* Task goal:
Print the lines that run from the line with "Lemma count_packing_seg F" to the line with "Proof. by case/and3P =>", keeping both end lines, exactly as they appear in the entries below, and nothing else.

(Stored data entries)
Definition nsingles (F : seq gadget) := count gsingle F.
Definition single_line (F : seq gadget) a :=
  has (fun g => gsingle g && (gleft g == a)) F.
Definition single_seg (F : seq gadget) b :=
  has (fun g => gsingle g && (gseg g == b)) F.

Lemma gadgetE g : g = (gseg g, gleft g, gright g).
Proof. by case: g => [[]]. Qed.

Lemma mem_glines x g : (x \in glines g) = (x == gleft g) || (x == gright g).
Proof. by rewrite mem_undup !inE. Qed.

Lemma glines_single g : gsingle g -> glines g = [:: gleft g].
Proof. by rewrite /gsingle /glines => /eqP <- /=; rewrite inE eqxx. Qed.

Lemma gsingle_diag b a : gsingle (b, a, a).
Proof. exact: eqxx. Qed.

Lemma single_lineP F a :
  reflect (exists2 g, g \in F & gsingle g /\ gleft g = a) (single_line F a).
Proof.
apply: (iffP hasP) => [[g hg /andP[s /eqP e]]|[g hg [s e]]]; exists g => //.
by rewrite s e eqxx.
Qed.

Lemma single_segP F b :
  reflect (exists2 g, g \in F & gsingle g /\ gseg g = b) (single_seg F b).
Proof.
apply: (iffP hasP) => [[g hg /andP[s /eqP e]]|[g hg [s e]]]; exists g => //.
by rewrite s e eqxx.
Qed.

Lemma packing_filter F (p : pred gadget) : packing F -> packing (filter p F).
Proof.
case/and3P=> h1 h2 h3; apply/and3P; split.
- by apply/allP=> g; rewrite mem_filter => /andP[_ /(allP h1)].
- apply: subseq_uniq h2; apply: map_subseq; exact: filter_subseq.
- exact: uniq_flatten_filter.
Qed.

Lemma packing_ok F g : packing F -> g \in F -> gadget_ok g.
Proof. by case/and3P=> /allP h _ _ /h. Qed.

Lemma packing_uniq F : packing F -> uniq F.
Proof. by case/and3P=> _ /map_uniq. Qed.

Lemma packing_line_eq F g1 g2 x : packing F -> g1 \in F -> g2 \in F ->
  x \in glines g1 -> x \in glines g2 -> g1 = g2.
Proof. by case/and3P=> _ _ h; apply: uniq_flatten_mem_eq h. Qed.

Lemma packing_seg_eq F g1 g2 :
  packing F -> g1 \in F -> g2 \in F -> gseg g1 = gseg g2 -> g1 = g2.
Proof. by case/and3P=> _ h _; apply: uniq_map_in_eq h. Qed.

Lemma packing_size F : packing F -> uniq E -> (size F <= size E)%N.
Proof.
case/and3P=> h1 h2 _ _; rewrite -(size_map gseg); apply: uniq_leq_size => //.
by move=> b /mapP[g hg ->]; case/and5P: (allP h1 g hg).
Qed.

Lemma count_packing_seg F (t : seq R) :
  packing F -> (count (fun g => gseg g \in t) F <= size t)%N.
Proof.
move=> vF; rewrite -size_filter -(size_map gseg); apply: uniq_leq_size.
  case/and3P: vF => _ u _; apply: subseq_uniq u; apply: map_subseq; exact: filter_subseq.
by move=> b /mapP[g]; rewrite mem_filter => /andP[h _] ->.
Qed.

Lemma count_packing_line F a :
  packing F -> (count (fun g => a \in glines g) F <= 1)%N.
Proof. by case/and3P => _ _; apply: count_mem_flatten_le1. Qed.

Lemma nsingles_rem F g : packing F -> g \in F -> gsingle g ->
  nsingles (filter (predC1 g) F) = (nsingles F).-1.
Proof.
move=> vF gF sg; rewrite /nsingles count_filter [count gsingle F](count_predI_split _ (pred1 g)).
have -> : count (predI gsingle (pred1 g)) F = count_mem g F.
  by apply: eq_count => x /=; case: eqP => [->|]; rewrite ?sg ?andbF.
by rewrite count_uniq_mem ?gF //; apply: packing_uniq.
Qed.

Hypothesis uniq_L : uniq L.
Hypothesis uniq_E : uniq E.
Hypothesis lo_le_hi : forall b, b \in E -> lo b <= hi b.

Section HittingToPacking.
Variable Q : seq (R * R).
Hypothesis hits_Q : hits Q.

Definition line_point a := nth (0, 0) Q (find (fun p : R * R => p.1 == a) Q).
Definition left_hit b a := ((line_point a).2 == b) && ((line_point a).1 <= hi b).
Definition right_hit b a := ((line_point a).2 == b) && (lo b <= (line_point a).1).
Definition line_hit b := has (left_hit b) L && has (right_hit b) L.
Definition left_line b := nth 0 L (find (left_hit b) L).
Definition right_line b := nth 0 L (find (right_hit b) L).
Definition hitting_packing :=
  [seq (b, left_line b, right_line b) | b <- filter line_hit E].

Lemma line_pointP a : a \in L -> line_point a \in Q /\ (line_point a).1 = a.
Proof.
case: hits_Q => hl _ aL; have [p pQ e] := hl a aL.
have hs : has (fun p : R * R => p.1 == a) Q by apply/hasP; exists p => //; rewrite e.
split; first by apply: mem_nth; rewrite -has_find.
by apply/eqP; apply: (nth_find (0, 0) hs).
Qed.

Lemma left_lineP b : line_hit b -> left_line b \in L /\ left_hit b (left_line b).
Proof.
case/andP=> h _; split; first by apply: mem_nth; rewrite -has_find.
exact: nth_find.
Qed.

Lemma right_lineP b : line_hit b -> right_line b \in L /\ right_hit b (right_line b).
Proof.
case/andP=> _ h; split; first by apply: mem_nth; rewrite -has_find.
exact: nth_find.
Qed.

Lemma packing_hitting_packing : packing hitting_packing.
Proof.
apply/and3P; split.
- apply/allP => g /mapP[b]; rewrite mem_filter => /andP[hb bE] ->.
  have [xL /andP[_ h1]] := left_lineP hb; have [yL /andP[_ h2]] := right_lineP hb.
  rewrite (line_pointP xL).2 in h1; rewrite (line_pointP yL).2 in h2.
  by rewrite /gadget_ok /gseg /gleft /gright /= bE xL yL h1 h2.
- by rewrite -map_comp map_id_in ?filter_uniq.
- rewrite -map_comp; apply: (uniq_flatten_map_key (key := fun x => (line_point x).2)).
  + exact: filter_uniq.
  + by move=> t _; exact: undup_uniq.
  + move=> b x; rewrite mem_filter => /andP[hb bE] /=.
    rewrite mem_glines /gleft /gright /=.
    have [_ /andP[/eqP h1 _]] := left_lineP hb; have [_ /andP[/eqP h2 _]] := right_lineP hb.
    by case/orP => /eqP ->.
Qed.

Definition seg_point b :=
  nth (0, 0) Q (find (fun p : R * R => (p.2 == b) && (p \notin map line_point L)) Q).

Lemma seg_pointP b : b \in E -> ~~ line_hit b ->
  seg_point b \in Q /\ ((seg_point b).2 == b) && (seg_point b \notin map line_point L).
Proof.
case: hits_Q => _ hr bE nhit.
have hs : has (fun p : R * R => (p.2 == b) && (p \notin map line_point L)) Q.
  have [[p1 p1Q h1] [p2 p2Q h2]] := hr b bE.
  move: nhit; rewrite /line_hit negb_and => /orP[] nh.
    apply/hasP; exists p1 => //; case/andP: (h1) => -> _ /=.
    apply/negP => /mapP[a aL ea]; case/negP: nh; apply/hasP; exists a => //.
    by rewrite /left_hit -ea h1.
  apply/hasP; exists p2 => //; case/andP: (h2) => -> _ /=.
  apply/negP => /mapP[a aL ea]; case/negP: nh; apply/hasP; exists a => //.
  by rewrite /right_hit -ea h2.
split; first by apply: mem_nth; rewrite -has_find.
exact: (nth_find (0, 0) hs).
Qed.

Lemma size_hitting_packing : (size L + size E <= size Q + size hitting_packing)%N.
Proof.
pose X := map line_point L ++ map seg_point (filter (predC line_hit) E).
have uX : uniq X.
  apply: uniq_cat_disjoint.
  - rewrite map_inj_in_uniq // => a1 a2 h1 h2 e.
    by rewrite -(line_pointP h1).2 -(line_pointP h2).2 e.
  - rewrite map_inj_in_uniq; first exact: filter_uniq.
    move=> b1 b2; rewrite !mem_filter => /andP[n1 h1] /andP[n2 h2] e.
    have /andP[/eqP e1 _] := (seg_pointP h1 n1).2.
    have /andP[/eqP e2 _] := (seg_pointP h2 n2).2.
    by rewrite -e1 -e2 e.
  - move=> x xL /mapP[b]; rewrite mem_filter => /andP[nb bE] ex.
    by have /andP[_ h] := (seg_pointP bE nb).2; move: h; rewrite -ex xL.
have sX : {subset X <= Q}.
  move=> x; rewrite mem_cat => /orP[/mapP[a aL ->]|/mapP[b]].
    exact: (line_pointP aL).1.
  by rewrite mem_filter => /andP[nb bE] ->; exact: (seg_pointP bE nb).1.
have := uniq_leq_size uX sX; rewrite size_cat !size_map !size_filter.
by rewrite -(count_predC line_hit E) addnCA [(size Q + _)%N]addnC leq_add2l.
Qed.

End HittingToPacking.

Lemma packing_of_hitting Q : hits Q ->
  exists F, packing F /\ (size L + size E <= size Q + size F)%N.
Proof.
move=> hQ; exists (hitting_packing Q).
by split; [exact: packing_hitting_packing | exact: size_hitting_packing].
Qed.

Section PackingToHitting.
Variable F : seq gadget.
Hypothesis packing_F : packing F.

Definition used_lines := flatten (map glines F).
Definition gadget_points := flatten [seq [seq (x, gseg g) | x <- glines g] | g <- F].
Definition free_line_points : seq (R * R) :=
  [seq (a, 0) | a <- L & a \notin used_lines].
Definition free_seg_points := [seq (lo b, b) | b <- E & b \notin map gseg F].
Definition packing_points :=
  undup (gadget_points ++ free_line_points ++ free_seg_points).

Lemma gadget_points_mem g x : g \in F -> x \in glines g -> (x, gseg g) \in packing_points.
Proof.
move=> gF xg; rewrite mem_undup mem_cat; apply/orP; left.
by apply/flatten_mapP; exists g => //; exact: map_f.
Qed.

Lemma hits_packing_points : hits packing_points.
Proof.
have [aok _ _] := and3P packing_F.
split.
  move=> a aL; case: (boolP (a \in used_lines)) => [/flatten_mapP[g gF ag]|na].
    by exists (a, gseg g); rewrite // gadget_points_mem.
  exists (a, 0%R) => //; rewrite mem_undup !mem_cat; apply/orP; right; apply/orP; left.
  by apply: map_f; rewrite mem_filter na.
move=> b bE; case: (boolP (b \in map gseg F)) => [/mapP[g gF ->]|nb].
  have /and5P[_ _ _ h1 h2] := allP aok g gF.
  split.
    exists (gleft g, gseg g); first by rewrite gadget_points_mem // mem_glines eqxx.
    by rewrite /= eqxx h1.
  exists (gright g, gseg g); first by rewrite gadget_points_mem // mem_glines eqxx orbT.
  by rewrite /= eqxx h2.
have pE : (lo b, b) \in packing_points.
  rewrite mem_undup !mem_cat; apply/orP; right; apply/orP; right.
  by apply: map_f; rewrite mem_filter nb.
by split; exists (lo b, b) => //=; rewrite eqxx ?lo_le_hi ?lexx.
Qed.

* Solution below:
Lemma count_packing_seg F (t : seq R) :
  packing F -> (count (fun g => gseg g \in t) F <= size t)%N.
Proof.
move=> vF; rewrite -size_filter -(size_map gseg); apply: uniq_leq_size.
  case/and3P: vF => _ u _; apply: subseq_uniq u; apply: map_subseq; exact: filter_subseq.
by move=> b /mapP[g]; rewrite mem_filter => /andP[h _] ->.
Qed.

Lemma count_packing_line F a :
  packing F -> (count (fun g => a \in glines g) F <= 1)%N.
Proof. by case/and3P => _ _; apply: count_mem_flatten_le1. Qed.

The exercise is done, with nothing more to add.